A read-only linter and A-F maturity grader for coding-agent harnesses (Claude Code, Codex).
Project description
Harness Scorecard
A read-only linter and A–F maturity grader for coding-agent harnesses. Point it at a
Claude Code or Codex setup — Claude Code's hooks, permissions, rules/*.md, agents, and
CLAUDE.md, or Codex's config.toml (sandbox, approval policy, trust levels), hooks.json,
and AGENTS.md — and it returns a graded scorecard: the overall maturity grade, the specific
gaps, and the guards that are missing, each with rationale.

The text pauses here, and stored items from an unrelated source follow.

(* Let $\Delta$ be a finite set with $|\Delta|\ge2$, $\ell\ge2$, $\Omega=\Delta^\ell$, $W=\mathrm{Sym}\,\Delta\wr S_\ell$ in product action on $\Omega$, $G\le W$, and let $M$ be a minimal normal subgroup of $G$ transitive on $\Omega$, $M=T_1\times\cdots\times T_k$ with the $T_i$ isomorphic finite simple groups. Let $\Gamma$ be a connected graph with vertex set $\Omega$ with $G\le\mathrm{Aut}\,\Gamma$. Suppose $M$ is not regular on $\Omega$ and the inclusion $G\le W$ is normal. Then $\Gamma$ is not $(G,2)$-arc-transitive.
   Context: Product action: $(\delta_1,\dots,\delta_\ell)^{(g_1,\dots,g_\ell)h}=(\delta_{1h^{-1}}g_{1h^{-1}},\dots,\delta_{\ell h^{-1}}g_{\ell h^{-1}})$. Let $\pi:W\to S_\ell$ be the natural projection, $W_j$ the stabiliser of $j$ under $\pi$, $W_j=\mathrm{Sym}\,\Delta\times(\mathrm{Sym}\,\Delta\wr S_{\ell-1})$ with the first factor on the $j$-th coordinate; the component $M^{(j)}$ is the projection of $M\cap W_j$ onto the first factor, identified (for non-abelian $M$) with the product of those $T_i$ not in the kernel of $M\to M^{(j)}$. The inclusion $G\le W$ is normal if $M$ is non-abelian and each $T_i$ lies in exactly one $M^{(j)}$ (equivalently $M=\prod_jM^{(j)}$). $\Gamma$ is $(G,2)$-arc-transitive if $G$ is transitive on sequences $(v_0,v_1,v_2)$ of vertices with $v_0\sim v_1\sim v_2$ and $v_0\ne v_2$. *)

From mathcomp Require Import all_boot all_fingroup all_solvable.
Set Implicit Arguments. Unset Strict Implicit. Unset Printing Implicit Defensive.
Import GroupScope.

Section Wreath.
Variables (D : finType) (l : nat).

Local Notation Omega := {ffun 'I_l -> D}.

(* product action of (g_1,...,g_l)h : (delta_i)_i  |->  (delta_{i h^-1} g_{i h^-1})_i *)
Definition wr_act (g : {ffun 'I_l -> {perm D}}) (h : {perm 'I_l}) (d : Omega)
  : Omega := [ffun i => g (h^-1 i) (d (h^-1 i))].

Definition Wr : {set {perm Omega}} :=
  [set s : {perm Omega} | [exists g : {ffun 'I_l -> {perm D}}, [exists h : {perm 'I_l}, [forall d, s d == wr_act g h d]]]].

(* W_j : the stabiliser of j under pi : W -> S_l *)
Definition Wr_stab (j : 'I_l) : {set {perm Omega}} :=
  [set s : {perm Omega} | [exists g : {ffun 'I_l -> {perm D}}, [exists h : {perm 'I_l}, (h j == j) && [forall d, s d == wr_act g h d]]]].

(* the component M^(j): projection of M \cap W_j onto the j-th Sym D factor *)
Definition component (M : {set {perm Omega}}) (j : 'I_l) : {set {perm D}} :=
  [set x | [exists s in M :&: Wr_stab j, [exists g : {ffun 'I_l -> {perm D}}, [exists h : {perm 'I_l},
     [&& h j == j, g j == x & [forall d, s d == wr_act g h d]]]]]].

Definition prod_components (M : {set {perm Omega}}) : {set {perm Omega}} :=
  [set s : {perm Omega} | [exists g : {ffun 'I_l -> {perm D}}, [forall j, g j \in component M j]
                      && [forall d, s d == wr_act g 1 d]]].

Definition normal_inclusion (M : {group {perm Omega}}) : Prop :=
  ~~ abelian M /\ M :=: prod_components M.

End Wreath.

Section Graphs.
Variable V : finType.

Definition regular_on (M : {group {perm V}}) : Prop :=
  [transitive M, on [set: V] | 'P] /\ forall x : V, 'C_M[x | 'P] = 1.

Definition simple_graph (e : rel V) : Prop :=
  (forall x y, e x y = e y x) /\ (forall x, ~~ e x x).

Definition connected_graph (e : rel V) : Prop := forall x y, connect e x y.

Definition in_Aut (e : rel V) (G : {set {perm V}}) : Prop :=
  forall s, s \in G -> forall x y, e (s x) (s y) = e x y.

Definition two_arc (e : rel V) (a : V * V * V) : bool :=
  [&& e a.1.1 a.1.2, e a.1.2 a.2 & a.1.1 != a.2].

Definition two_arc_transitive (e : rel V) (G : {set {perm V}}) : Prop :=
  forall a b, two_arc e a -> two_arc e b ->
    exists2 s, s \in G & (s a.1.1, s a.1.2, s a.2) = b.

End Graphs.

Notation Omega D l := {ffun 'I_l -> D}.

(* Since the inclusion is normal, M lies in the base group (Sym D)^l and so
   preserves the Hamming distance on D^l, of which all of W is an isometry group.
   As M is not regular and the graph is connected, some element of M fixes a
   vertex a and moves a neighbour b; keeping only a coordinate j where it moves b
   gives an element of M fixing a and sending b to a neighbour c that differs
   from b exactly in coordinate j. By 2-arc-transitivity any two neighbours of a
   are then at Hamming distance at most 1, hence all agree off coordinate j, and
   by transitivity of M the same holds at every vertex. Along any path from a
   every vertex therefore agrees off j with a or with b, which fails for a vertex
   changing a in another coordinate to a third value; one exists because
   a_j, b_j, c_j are distinct. *)

From mathcomp Require Import all_boot all_fingroup all_solvable.
Import GroupScope.

Set Implicit Arguments.
Unset Strict Implicit.
Unset Printing Implicit Defensive.

Section HammingDistance.
Variables (D : finType) (l : nat).
Implicit Types (x y z : Omega D l) (g : {ffun 'I_l -> {perm D}}).

Definition diffc x y : {set 'I_l} := [set i | x i != y i].

Lemma diffcC x y : diffc x y = diffc y x.
Proof. by apply/setP => i; rewrite !inE eq_sym. Qed.

Lemma diffc_trans x y z : diffc x z \subset diffc x y :|: diffc y z.
Proof.
apply/subsetP => i; rewrite !inE; apply: contraR.
by case/norP => /negbNE/eqP -> /negbNE/eqP ->.
Qed.

Lemma diffc_wr_act g h x y :
  diffc (wr_act g h x) (wr_act g h y) = h^-1 @^-1: diffc x y.
Proof. by apply/setP => i; rewrite !inE !ffunE (inj_eq perm_inj). Qed.

Lemma card_diffc_Wr s x y : s \in Wr D l -> #|diffc (s x) (s y)| = #|diffc x y|.
Proof.
rewrite inE => /existsP [g /existsP [h /forallP sE]].
rewrite (eqP (sE x)) (eqP (sE y)) diffc_wr_act card_preimset //.
exact: perm_inj.
Qed.

Lemma diffcxx x : diffc x x = set0.
Proof. by apply/setP => i; rewrite !inE eqxx. Qed.

Lemma diffc_subset_trans (A : {set 'I_l}) x y z :
  diffc x y \subset A -> diffc y z \subset A -> diffc x z \subset A.
Proof. by move=> xyA yzA; rewrite (subset_trans (diffc_trans x y z)) // subUset xyA. Qed.

Lemma diffc_sub1_triangle j x y z : diffc x y = [set j] ->
  #|diffc x z| <= 1 -> #|diffc y z| <= 1 -> diffc x z \subset [set j].
Proof.
move=> xyE xz1 yz1.
have sub_j (A : {set 'I_l}) : #|A| <= 1 -> j \in A -> A \subset [set j].
  by move=> A1 jA; apply/subsetP => i; rewrite (card_le1P A1 j jA) inE.
have : j \in diffc x z :|: diffc z y by apply: (subsetP (diffc_trans x z y)); rewrite xyE set11.
case/setUP => [/(sub_j _ xz1) // | jzy].
apply: (@diffc_subset_trans _ x y); first by rewrite xyE.
by rewrite diffcC sub_j // diffcC.
Qed.

Lemma diffc_clique_sub1 (P : pred (Omega D l)) j b c :
  (forall p q, P p -> P q -> #|diffc p q| <= 1) ->
  P b -> P c -> diffc b c = [set j] ->
  forall u w, P u -> P w -> diffc u w \subset [set j].
Proof.
move=> P1 Pb Pc bcE.
have bv v : P v -> diffc b v \subset [set j].
  by move=> Pv; apply: diffc_sub1_triangle bcE (P1 _ _ Pb Pv) (P1 _ _ Pc Pv).
by move=> u w Pu Pw; apply: (@diffc_subset_trans _ u b); [rewrite diffcC |]; apply: bv.
Qed.

Lemma exists_diffc_not_sub1 j x y : 2 < #|D| -> 1 < l ->
  exists z, ~~ (diffc z x \subset [set j]) && ~~ (diffc z y \subset [set j]).
Proof.
move=> D3 l2.
have [k] : exists k, k \in [set~ j] by apply/card_gt0P; rewrite cardsC1 card_ord -ltnS (ltn_predK l2).
rewrite !inE => kj.
have [d] : exists d, d \in ~: [set x k; y k].
  apply/card_gt0P; rewrite -(ltn_add2l #|[set x k; y k]|) addn0 cardsC.
  by rewrite cards2 (leq_trans _ D3) // ltnS; case: (_ != _).
rewrite !inE => /norP [dx dy].
have k_out (A : {set 'I_l}) : k \in A -> ~~ (A \subset [set j]).
  by move=> kA; apply: contraNN kj => /subsetP/(_ k kA); rewrite inE.
exists [ffun i => if i == k then d else x i].
by rewrite !k_out // inE ffunE eqxx.
Qed.

End HammingDistance.

Section BaseGroup.
Variables (D : finType) (l : nat).
Implicit Types (x y : Omega D l) (g : {ffun 'I_l -> {perm D}}) (sigma : {perm D}).

Lemma wr_act1 g x : wr_act g 1 x = [ffun i => g i (x i)].
Proof. by apply/ffunP => i; rewrite !ffunE invg1 perm1. Qed.

Lemma base_act_inj g : injective (fun x => [ffun i => g i (x i)]).
Proof. by move=> x y /ffunP xyE; apply/ffunP => i; have := xyE i; rewrite !ffunE => /perm_inj. Qed.

Definition base_perm g : {perm Omega D l} := perm (@base_act_inj g).

Lemma base_permE g x : base_perm g x = [ffun i => g i (x i)].
Proof. by rewrite permE. Qed.

Lemma diffc_base_perm g x y : diffc (base_perm g x) (base_perm g y) = diffc x y.
Proof. by apply/setP => i; rewrite !inE !base_permE !ffunE (inj_eq perm_inj). Qed.

Lemma base_perm_moved_coord g x y : base_perm g x = x -> base_perm g y != y ->
  exists2 j, g j (x j) = x j & g j (y j) != y j.
Proof.
move=> gx gy; have [j gyj] : exists j, g j (y j) != y j.
  apply/existsP; apply: contraNT gy => /existsPn gy.
  by apply/eqP/ffunP => i; rewrite base_permE ffunE; apply/eqP/negPn.
by exists j => //; have /ffunP/(_ j) := gx; rewrite base_permE ffunE.
Qed.

Definition coord_perm j (sigma : {perm D}) :=
  base_perm [ffun i => if i == j then sigma else 1].

Lemma coord_permE j sigma x :
  coord_perm j sigma x = [ffun i => if i == j then sigma (x i) else x i].
Proof. by apply/ffunP => i; rewrite base_permE !ffunE; case: eqP; rewrite ?perm1. Qed.

Lemma coord_perm_fix j sigma x : sigma (x j) = x j -> coord_perm j sigma x = x.
Proof. by move=> sx; apply/ffunP => i; rewrite coord_permE ffunE; case: eqVneq => [-> | ]. Qed.

Lemma diffc_coord_perm j sigma x : sigma (x j) != x j ->
  diffc x (coord_perm j sigma x) = [set j].
Proof.
move=> sx; apply/setP => i; rewrite !inE coord_permE ffunE.
by case: (eqVneq i j) => [-> | _]; rewrite ?eqxx // eq_sym.
Qed.

Variable M : {group {perm Omega D l}}.

Lemma prod_componentsP s : reflect
  (exists2 g : {ffun 'I_l -> {perm D}}, forall j, g j \in component M j & s = base_perm g)
  (s \in prod_components M).
Proof.
rewrite inE; apply: (iffP existsP) => [[g /andP [/forallP gM /forallP sE]] | [g gM ->]].
  by exists g => //; apply/permP => x; rewrite base_permE -wr_act1 (eqP (sE x)).
by exists g; apply/andP; split; apply/forallP => // x; rewrite base_permE wr_act1.
Qed.

Lemma group1_component j : 1 \in component M j.
Proof.
have one_act x : (1 : {perm Omega D l}) x == wr_act [ffun=> 1] 1 x.
  by rewrite wr_act1 perm1; apply/eqP/ffunP => i; rewrite !ffunE perm1.
rewrite inE; apply/existsP; exists 1; rewrite in_setI group1 /=; apply/andP; split.
- rewrite inE; apply/existsP; exists [ffun=> 1]; apply/existsP; exists 1.
  by rewrite perm1 eqxx; apply/forallP.
- apply/existsP; exists [ffun=> 1]; apply/existsP; exists 1.
  by rewrite perm1 ffunE !eqxx; apply/forallP.
Qed.

Lemma coord_perm_in_prod j sigma : sigma \in component M j ->
  coord_perm j sigma \in prod_components M.
Proof.
move=> sM; apply/prod_componentsP; eexists; last by [].
by move=> i; rewrite ffunE; case: eqP => [-> | _]; rewrite ?group1_component.
Qed.

Lemma diffc_prod_components s x y : s \in prod_components M ->
  diffc (s x) (s y) = diffc x y.
Proof. by case/prod_componentsP => g _ ->; apply: diffc_base_perm. Qed.

End BaseGroup.

Lemma perm_fix_move_card (T : finType) (s : {perm T}) x y :
  s x = x -> s y != y -> 2 < #|T|.
Proof.
move=> sx sy.
have xy : x != y by apply: contraNneq sy => <-; rewrite sx.
have xsy : x != s y by rewrite -{1}sx (inj_eq perm_inj).
have: uniq [:: x; y; s y] by rewrite /= !inE negb_or xy xsy eq_sym sy.
by move/card_uniqP => /= <-; apply: max_card.
Qed.

Section ConnectedGraphs.
Variables (V : finType) (e : rel V).
Hypotheses (e_sym : symmetric e) (e_conn : connected_graph e).

Lemma perm_fixing_neighbours (s : {perm V}) x : s x = x ->
  (forall y z, s y = y -> e y z -> s z = z) -> s = 1.
Proof.
move=> sx s_nbr; apply/permP => y; rewrite perm1.
have /connectP [p] := e_conn x y; elim: p x sx => [|z p IHp] x sx /=; first by move=> _ ->.
by case/andP => exz; apply: IHp; apply: s_nbr exz.
Qed.

Lemma not_regular_fixed_edge (M : {group {perm V}}) :
  [transitive M, on [set: V] | 'P] -> ~ regular_on M ->
  exists a b, exists2 m, m \in M & [/\ m a = a, e a b & m b != b].
Proof.
move=> trM nreg.
have [|none] := boolP [exists a, exists b, [exists m in M, [&& m a == a, e a b & m b != b]]].
  case/existsP => a /existsP [b /existsP [m /and4P [mM /eqP ma eab mb]]].
  by exists a, b, m.
case: nreg; split=> // x; apply/trivgP/subsetP => m /setIP [mM /astab1P /= mx].
rewrite inE; apply/eqP; apply: perm_fixing_neighbours mx _ => y z my eyz.
apply/eqP; apply: contraTT none => mz; rewrite negbK.
by apply/existsP; exists y; apply/existsP; exists z; apply/existsP; exists m; rewrite mM my eqxx eyz.
Qed.

Lemma transitive_neighbour_rel (M : {group {perm V}}) (r : rel V) a :
  [transitive M, on [set: V] | 'P] -> in_Aut e M ->
  (forall m x y, m \in M -> r (m x) (m y) = r x y) ->
  (forall u w, e a u -> e a w -> r u w) ->
  forall y u w, e y u -> e y w -> r u w.
Proof.
move=> trM autM rM r_a y u w.
have [m mM ->] := atransP2 trM (in_setT a) (in_setT y).
rewrite -[u](permKV m) -[w](permKV m) !autM // rM //; exact: r_a.
Qed.

Lemma connected_two_classes (r : rel V) a b :
  (forall x y z, r x y -> r y z -> r x z) ->
  (forall y u w, e y u -> e y w -> r u w) ->
  e a b -> forall v, r v a || r v b.
Proof.
move=> r_trans r_nbr eab v.
have in2 p x y : e x y -> r x a || r x b -> r y a || r y b -> path e y p ->
    r (last y p) a || r (last y p) b.
  elim: p x y => [|z p IHp] x y //= exy rx ry /andP [eyz pz].
  have rzx : r z x by apply: r_nbr eyz _; rewrite e_sym.
  apply: IHp eyz ry _ pz.
  by case/orP: rx => rx; apply/orP; [left | right]; apply: r_trans rzx rx.
have /connectP [p pa ->] := e_conn a v.
apply: (in2 p b a) pa; first by rewrite e_sym.
  by rewrite (r_nbr a b b) ?orbT.
by rewrite (r_nbr b a a) // e_sym.
Qed.

End ConnectedGraphs.

Lemma two_arc_transitive_diffc (D : finType) (l : nat) (G : {set {perm Omega D l}})
    (e : rel (Omega D l)) a b c a' p q :
  symmetric e -> G \subset Wr D l -> two_arc_transitive e G ->
  e a b -> e a c -> b != c -> e a' p -> e a' q -> p != q ->
  #|diffc p q| = #|diffc b c|.
Proof.
move=> e_sym GW tat eab eac bc eap eaq pq.
have [||s sG [<- _ <-]] := tat (b, a, c) (p, a', q).
- by rewrite /two_arc /= e_sym eab eac.
- by rewrite /two_arc /= e_sym eap eaq.
exact: card_diffc_Wr (subsetP GW s sG).
Qed.

Theorem corollary3p5 (D : finType) (l : nat)
  (G M : {group {perm Omega D l}}) (e : rel (Omega D l)) :
  2 <= #|D| -> 2 <= l ->
  G \subset Wr D l ->
  M <| G -> minnormal M G ->
  [transitive M, on [set: Omega D l] | 'P] ->
  simple_graph e -> connected_graph e -> in_Aut e G ->
  ~ regular_on M ->
  normal_inclusion M ->
  ~ two_arc_transitive e G.
Proof.
move=> _ l2 GW nMG _ trM [e_sym _] e_conn autG nreg [_ M_prod] tat.
have autM : in_Aut e M by move=> m mM; apply/autG/(subsetP (normal_sub nMG)).
have [a [b [m mM [ma eab mb]]]] := not_regular_fixed_edge e_conn trM nreg.
have /prod_componentsP [g gM mE] : m \in prod_components M by rewrite -M_prod.
rewrite {m mM}mE in ma mb.
have [j gja gjb] := base_perm_moved_coord ma mb.
pose c := coord_perm j (g j) b.
have eac : e a c by rewrite -[a](coord_perm_fix gja) autM // M_prod coord_perm_in_prod.
have bcE : diffc b c = [set j] by apply: diffc_coord_perm.
have bc : b != c by apply/eqP => cb; move: (set11 j); rewrite -bcE -cb diffcxx inE.
have nbr1 p q : e a p -> e a q -> #|diffc p q| <= 1.
  case: (eqVneq p q) => [-> | pq eap eaq]; first by rewrite diffcxx cards0.
  by rewrite (two_arc_transitive_diffc e_sym GW tat eab eac bc eap eaq pq) bcE cards1.
have nbr_j := diffc_clique_sub1 nbr1 eab eac bcE.
have [x /andP [xa xb]] := exists_diffc_not_sub1 j a b (perm_fix_move_card gja gjb) l2.
pose r (u w : Omega D l) := diffc u w \subset [set j].
have r_M m u w : m \in M -> r (m u) (m w) = r u w.
  by move=> mM; rewrite /r (@diffc_prod_components _ _ M) // -M_prod.
have r_nbr := transitive_neighbour_rel trM autM r_M nbr_j.
have := connected_two_classes e_sym e_conn (@diffc_subset_trans _ _ _) r_nbr eab x.
by rewrite /r (negbTE xa) (negbTE xb).
Qed.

The harness type is auto-detected.
"Harness engineering" became a named discipline in 2026 and everyone is assembling harnesses with no way to tell if theirs is any good. The rubric is the product: every check traces to a documented red-team failure mode, not generic advice.
What it looks like
$ harness-scorecard scan examples/sample-harness
Harness Scorecard v1.0.0
Target: examples/sample-harness (claude-code)
GRADE: F overall 0.28 / 1.00
Scored 10 of 10 rubric dimensions (0 specced, pending).
Capability gates tripped (grade capped):
- HS-D5-01 caps at C (Harness config write/read protected)
D1 Secret protection & credential isolation 0.44 [weight 5]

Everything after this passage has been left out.